##### Extracted records

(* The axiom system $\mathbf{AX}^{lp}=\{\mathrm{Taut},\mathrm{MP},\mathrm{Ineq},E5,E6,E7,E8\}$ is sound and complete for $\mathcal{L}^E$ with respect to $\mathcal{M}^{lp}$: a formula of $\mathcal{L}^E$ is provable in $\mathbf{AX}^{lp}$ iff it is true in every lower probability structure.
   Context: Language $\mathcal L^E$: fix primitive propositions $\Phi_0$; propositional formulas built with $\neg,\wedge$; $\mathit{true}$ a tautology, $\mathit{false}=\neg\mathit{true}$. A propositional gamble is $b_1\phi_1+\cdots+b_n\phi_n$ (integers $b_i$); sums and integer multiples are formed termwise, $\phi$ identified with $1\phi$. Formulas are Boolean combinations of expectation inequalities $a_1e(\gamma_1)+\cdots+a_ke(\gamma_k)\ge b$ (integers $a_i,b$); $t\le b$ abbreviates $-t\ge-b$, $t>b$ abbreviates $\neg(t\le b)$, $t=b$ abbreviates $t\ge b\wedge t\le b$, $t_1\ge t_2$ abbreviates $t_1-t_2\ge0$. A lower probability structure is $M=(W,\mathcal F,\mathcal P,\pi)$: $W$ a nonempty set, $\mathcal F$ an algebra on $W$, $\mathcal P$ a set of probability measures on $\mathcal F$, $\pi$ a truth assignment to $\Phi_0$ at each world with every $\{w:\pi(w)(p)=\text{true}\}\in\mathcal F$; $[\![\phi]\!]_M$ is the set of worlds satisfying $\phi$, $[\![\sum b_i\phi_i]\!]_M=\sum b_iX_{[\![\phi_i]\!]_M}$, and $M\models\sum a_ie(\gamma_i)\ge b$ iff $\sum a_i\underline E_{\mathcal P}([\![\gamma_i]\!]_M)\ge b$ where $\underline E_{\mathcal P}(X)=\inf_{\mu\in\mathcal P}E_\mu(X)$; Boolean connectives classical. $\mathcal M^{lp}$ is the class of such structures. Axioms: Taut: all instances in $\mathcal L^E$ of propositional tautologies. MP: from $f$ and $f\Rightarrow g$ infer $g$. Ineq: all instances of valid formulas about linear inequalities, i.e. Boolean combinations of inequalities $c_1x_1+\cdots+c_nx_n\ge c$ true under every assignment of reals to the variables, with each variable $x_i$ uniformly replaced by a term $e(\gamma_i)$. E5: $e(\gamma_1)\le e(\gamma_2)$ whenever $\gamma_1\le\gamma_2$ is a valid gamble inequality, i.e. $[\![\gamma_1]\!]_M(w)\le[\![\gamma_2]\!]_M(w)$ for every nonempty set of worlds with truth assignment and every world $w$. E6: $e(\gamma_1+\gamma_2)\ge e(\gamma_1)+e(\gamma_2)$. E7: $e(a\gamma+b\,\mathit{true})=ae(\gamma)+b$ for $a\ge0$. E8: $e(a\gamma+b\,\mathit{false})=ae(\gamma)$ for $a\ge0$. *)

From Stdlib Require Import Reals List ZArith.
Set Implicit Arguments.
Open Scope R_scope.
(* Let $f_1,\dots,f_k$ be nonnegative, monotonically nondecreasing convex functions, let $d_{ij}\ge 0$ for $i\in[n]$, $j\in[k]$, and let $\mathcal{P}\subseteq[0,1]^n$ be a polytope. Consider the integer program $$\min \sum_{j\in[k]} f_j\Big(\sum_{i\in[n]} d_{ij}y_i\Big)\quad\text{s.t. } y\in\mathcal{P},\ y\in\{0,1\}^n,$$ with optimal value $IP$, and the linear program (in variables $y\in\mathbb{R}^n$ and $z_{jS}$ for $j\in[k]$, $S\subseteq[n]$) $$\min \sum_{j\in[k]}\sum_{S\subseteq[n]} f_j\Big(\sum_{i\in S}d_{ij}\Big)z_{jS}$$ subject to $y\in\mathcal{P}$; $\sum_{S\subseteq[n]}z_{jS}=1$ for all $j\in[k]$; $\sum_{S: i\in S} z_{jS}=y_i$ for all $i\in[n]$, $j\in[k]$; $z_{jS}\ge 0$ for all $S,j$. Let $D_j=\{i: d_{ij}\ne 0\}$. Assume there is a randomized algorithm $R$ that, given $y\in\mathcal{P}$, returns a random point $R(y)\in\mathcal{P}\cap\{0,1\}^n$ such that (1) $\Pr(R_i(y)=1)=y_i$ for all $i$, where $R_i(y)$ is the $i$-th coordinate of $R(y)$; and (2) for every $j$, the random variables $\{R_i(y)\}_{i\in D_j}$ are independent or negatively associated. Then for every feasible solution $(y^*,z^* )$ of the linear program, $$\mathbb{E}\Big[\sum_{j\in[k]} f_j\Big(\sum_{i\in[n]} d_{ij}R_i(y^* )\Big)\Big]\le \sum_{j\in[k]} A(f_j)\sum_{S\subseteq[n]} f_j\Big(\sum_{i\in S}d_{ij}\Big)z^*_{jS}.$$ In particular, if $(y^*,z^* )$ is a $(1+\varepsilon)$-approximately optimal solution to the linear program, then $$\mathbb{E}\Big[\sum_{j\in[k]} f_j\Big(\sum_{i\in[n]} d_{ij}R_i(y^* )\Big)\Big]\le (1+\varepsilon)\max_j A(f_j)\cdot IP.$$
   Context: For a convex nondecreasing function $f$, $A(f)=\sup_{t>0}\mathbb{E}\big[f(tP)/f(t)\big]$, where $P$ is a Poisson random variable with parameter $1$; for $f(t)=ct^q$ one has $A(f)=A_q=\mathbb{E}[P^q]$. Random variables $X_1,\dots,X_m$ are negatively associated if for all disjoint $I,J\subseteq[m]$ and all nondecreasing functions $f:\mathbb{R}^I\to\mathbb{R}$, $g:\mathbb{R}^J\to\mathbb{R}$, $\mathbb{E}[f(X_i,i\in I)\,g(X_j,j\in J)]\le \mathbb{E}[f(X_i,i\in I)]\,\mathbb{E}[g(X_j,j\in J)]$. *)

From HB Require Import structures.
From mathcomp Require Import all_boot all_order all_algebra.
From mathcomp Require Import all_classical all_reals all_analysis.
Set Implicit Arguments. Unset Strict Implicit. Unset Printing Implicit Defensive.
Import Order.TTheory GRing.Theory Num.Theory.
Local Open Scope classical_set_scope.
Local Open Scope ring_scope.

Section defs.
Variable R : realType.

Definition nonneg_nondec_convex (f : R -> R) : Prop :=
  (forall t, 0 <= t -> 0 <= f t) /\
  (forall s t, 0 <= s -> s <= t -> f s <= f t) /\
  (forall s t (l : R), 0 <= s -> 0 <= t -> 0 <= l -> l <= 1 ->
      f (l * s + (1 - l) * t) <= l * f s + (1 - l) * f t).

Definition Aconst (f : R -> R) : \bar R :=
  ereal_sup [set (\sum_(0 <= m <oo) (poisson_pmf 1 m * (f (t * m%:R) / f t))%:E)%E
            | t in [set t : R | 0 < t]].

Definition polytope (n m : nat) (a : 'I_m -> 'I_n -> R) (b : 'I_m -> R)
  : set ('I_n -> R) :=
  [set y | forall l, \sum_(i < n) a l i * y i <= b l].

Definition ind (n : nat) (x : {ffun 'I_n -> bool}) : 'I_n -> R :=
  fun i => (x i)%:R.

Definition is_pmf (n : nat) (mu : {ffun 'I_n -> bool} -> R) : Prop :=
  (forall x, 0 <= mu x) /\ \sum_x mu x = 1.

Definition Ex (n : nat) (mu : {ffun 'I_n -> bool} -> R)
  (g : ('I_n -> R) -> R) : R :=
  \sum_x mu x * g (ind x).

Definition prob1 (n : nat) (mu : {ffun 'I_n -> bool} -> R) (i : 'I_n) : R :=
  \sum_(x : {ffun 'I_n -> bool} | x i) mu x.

##########

Repeat every record above. Each one must match exactly.

Finished task =>
(* The axiom system $\mathbf{AX}^{lp}=\{\mathrm{Taut},\mathrm{MP},\mathrm{Ineq},E5,E6,E7,E8\}$ is sound and complete for $\mathcal{L}^E$ with respect to $\mathcal{M}^{lp}$: a formula of $\mathcal{L}^E$ is provable in $\mathbf{AX}^{lp}$ iff it is true in every lower probability structure.
   Context: Language $\mathcal L^E$: fix primitive propositions $\Phi_0$; propositional formulas built with $\neg,\wedge$; $\mathit{true}$ a tautology, $\mathit{false}=\neg\mathit{true}$. A propositional gamble is $b_1\phi_1+\cdots+b_n\phi_n$ (integers $b_i$); sums and integer multiples are formed termwise, $\phi$ identified with $1\phi$. Formulas are Boolean combinations of expectation inequalities $a_1e(\gamma_1)+\cdots+a_ke(\gamma_k)\ge b$ (integers $a_i,b$); $t\le b$ abbreviates $-t\ge-b$, $t>b$ abbreviates $\neg(t\le b)$, $t=b$ abbreviates $t\ge b\wedge t\le b$, $t_1\ge t_2$ abbreviates $t_1-t_2\ge0$. A lower probability structure is $M=(W,\mathcal F,\mathcal P,\pi)$: $W$ a nonempty set, $\mathcal F$ an algebra on $W$, $\mathcal P$ a set of probability measures on $\mathcal F$, $\pi$ a truth assignment to $\Phi_0$ at each world with every $\{w:\pi(w)(p)=\text{true}\}\in\mathcal F$; $[\![\phi]\!]_M$ is the set of worlds satisfying $\phi$, $[\![\sum b_i\phi_i]\!]_M=\sum b_iX_{[\![\phi_i]\!]_M}$, and $M\models\sum a_ie(\gamma_i)\ge b$ iff $\sum a_i\underline E_{\mathcal P}([\![\gamma_i]\!]_M)\ge b$ where $\underline E_{\mathcal P}(X)=\inf_{\mu\in\mathcal P}E_\mu(X)$; Boolean connectives classical. $\mathcal M^{lp}$ is the class of such structures. Axioms: Taut: all instances in $\mathcal L^E$ of propositional tautologies. MP: from $f$ and $f\Rightarrow g$ infer $g$. Ineq: all instances of valid formulas about linear inequalities, i.e. Boolean combinations of inequalities $c_1x_1+\cdots+c_nx_n\ge c$ true under every assignment of reals to the variables, with each variable $x_i$ uniformly replaced by a term $e(\gamma_i)$. E5: $e(\gamma_1)\le e(\gamma_2)$ whenever $\gamma_1\le\gamma_2$ is a valid gamble inequality, i.e. $[\![\gamma_1]\!]_M(w)\le[\![\gamma_2]\!]_M(w)$ for every nonempty set of worlds with truth assignment and every world $w$. E6: $e(\gamma_1+\gamma_2)\ge e(\gamma_1)+e(\gamma_2)$. E7: $e(a\gamma+b\,\mathit{true})=ae(\gamma)+b$ for $a\ge0$. E8: $e(a\gamma+b\,\mathit{false})=ae(\gamma)$ for $a\ge0$. *)

From Stdlib Require Import Reals List ZArith.
Set Implicit Arguments.
Open Scope R_scope.
(* Let $f_1,\dots,f_k$ be nonnegative, monotonically nondecreasing convex functions, let $d_{ij}\ge 0$ for $i\in[n]$, $j\in[k]$, and let $\mathcal{P}\subseteq[0,1]^n$ be a polytope. Consider the integer program $$\min \sum_{j\in[k]} f_j\Big(\sum_{i\in[n]} d_{ij}y_i\Big)\quad\text{s.t. } y\in\mathcal{P},\ y\in\{0,1\}^n,$$ with optimal value $IP$, and the linear program (in variables $y\in\mathbb{R}^n$ and $z_{jS}$ for $j\in[k]$, $S\subseteq[n]$) $$\min \sum_{j\in[k]}\sum_{S\subseteq[n]} f_j\Big(\sum_{i\in S}d_{ij}\Big)z_{jS}$$ subject to $y\in\mathcal{P}$; $\sum_{S\subseteq[n]}z_{jS}=1$ for all $j\in[k]$; $\sum_{S: i\in S} z_{jS}=y_i$ for all $i\in[n]$, $j\in[k]$; $z_{jS}\ge 0$ for all $S,j$. Let $D_j=\{i: d_{ij}\ne 0\}$. Assume there is a randomized algorithm $R$ that, given $y\in\mathcal{P}$, returns a random point $R(y)\in\mathcal{P}\cap\{0,1\}^n$ such that (1) $\Pr(R_i(y)=1)=y_i$ for all $i$, where $R_i(y)$ is the $i$-th coordinate of $R(y)$; and (2) for every $j$, the random variables $\{R_i(y)\}_{i\in D_j}$ are independent or negatively associated. Then for every feasible solution $(y^*,z^* )$ of the linear program, $$\mathbb{E}\Big[\sum_{j\in[k]} f_j\Big(\sum_{i\in[n]} d_{ij}R_i(y^* )\Big)\Big]\le \sum_{j\in[k]} A(f_j)\sum_{S\subseteq[n]} f_j\Big(\sum_{i\in S}d_{ij}\Big)z^*_{jS}.$$ In particular, if $(y^*,z^* )$ is a $(1+\varepsilon)$-approximately optimal solution to the linear program, then $$\mathbb{E}\Big[\sum_{j\in[k]} f_j\Big(\sum_{i\in[n]} d_{ij}R_i(y^* )\Big)\Big]\le (1+\varepsilon)\max_j A(f_j)\cdot IP.$$
   Context: For a convex nondecreasing function $f$, $A(f)=\sup_{t>0}\mathbb{E}\big[f(tP)/f(t)\big]$, where $P$ is a Poisson random variable with parameter $1$; for $f(t)=ct^q$ one has $A(f)=A_q=\mathbb{E}[P^q]$. Random variables $X_1,\dots,X_m$ are negatively associated if for all disjoint $I,J\subseteq[m]$ and all nondecreasing functions $f:\mathbb{R}^I\to\mathbb{R}$, $g:\mathbb{R}^J\to\mathbb{R}$, $\mathbb{E}[f(X_i,i\in I)\,g(X_j,j\in J)]\le \mathbb{E}[f(X_i,i\in I)]\,\mathbb{E}[g(X_j,j\in J)]$. *)

From HB Require Import structures.
From mathcomp Require Import all_boot all_order all_algebra.
From mathcomp Require Import all_classical all_reals all_analysis.
Set Implicit Arguments. Unset Strict Implicit. Unset Printing Implicit Defensive.
Import Order.TTheory GRing.Theory Num.Theory.
Local Open Scope classical_set_scope.
Local Open Scope ring_scope.

Section defs.
Variable R : realType.

Definition nonneg_nondec_convex (f : R -> R) : Prop :=
  (forall t, 0 <= t -> 0 <= f t) /\
  (forall s t, 0 <= s -> s <= t -> f s <= f t) /\
  (forall s t (l : R), 0 <= s -> 0 <= t -> 0 <= l -> l <= 1 ->
      f (l * s + (1 - l) * t) <= l * f s + (1 - l) * f t).

Definition Aconst (f : R -> R) : \bar R :=
  ereal_sup [set (\sum_(0 <= m <oo) (poisson_pmf 1 m * (f (t * m%:R) / f t))%:E)%E
            | t in [set t : R | 0 < t]].

Definition polytope (n m : nat) (a : 'I_m -> 'I_n -> R) (b : 'I_m -> R)
  : set ('I_n -> R) :=
  [set y | forall l, \sum_(i < n) a l i * y i <= b l].

Definition ind (n : nat) (x : {ffun 'I_n -> bool}) : 'I_n -> R :=
  fun i => (x i)%:R.

Definition is_pmf (n : nat) (mu : {ffun 'I_n -> bool} -> R) : Prop :=
  (forall x, 0 <= mu x) /\ \sum_x mu x = 1.

Definition Ex (n : nat) (mu : {ffun 'I_n -> bool} -> R)
  (g : ('I_n -> R) -> R) : R :=
  \sum_x mu x * g (ind x).

Definition prob1 (n : nat) (mu : {ffun 'I_n -> bool} -> R) (i : 'I_n) : R :=
  \sum_(x : {ffun 'I_n -> bool} | x i) mu x.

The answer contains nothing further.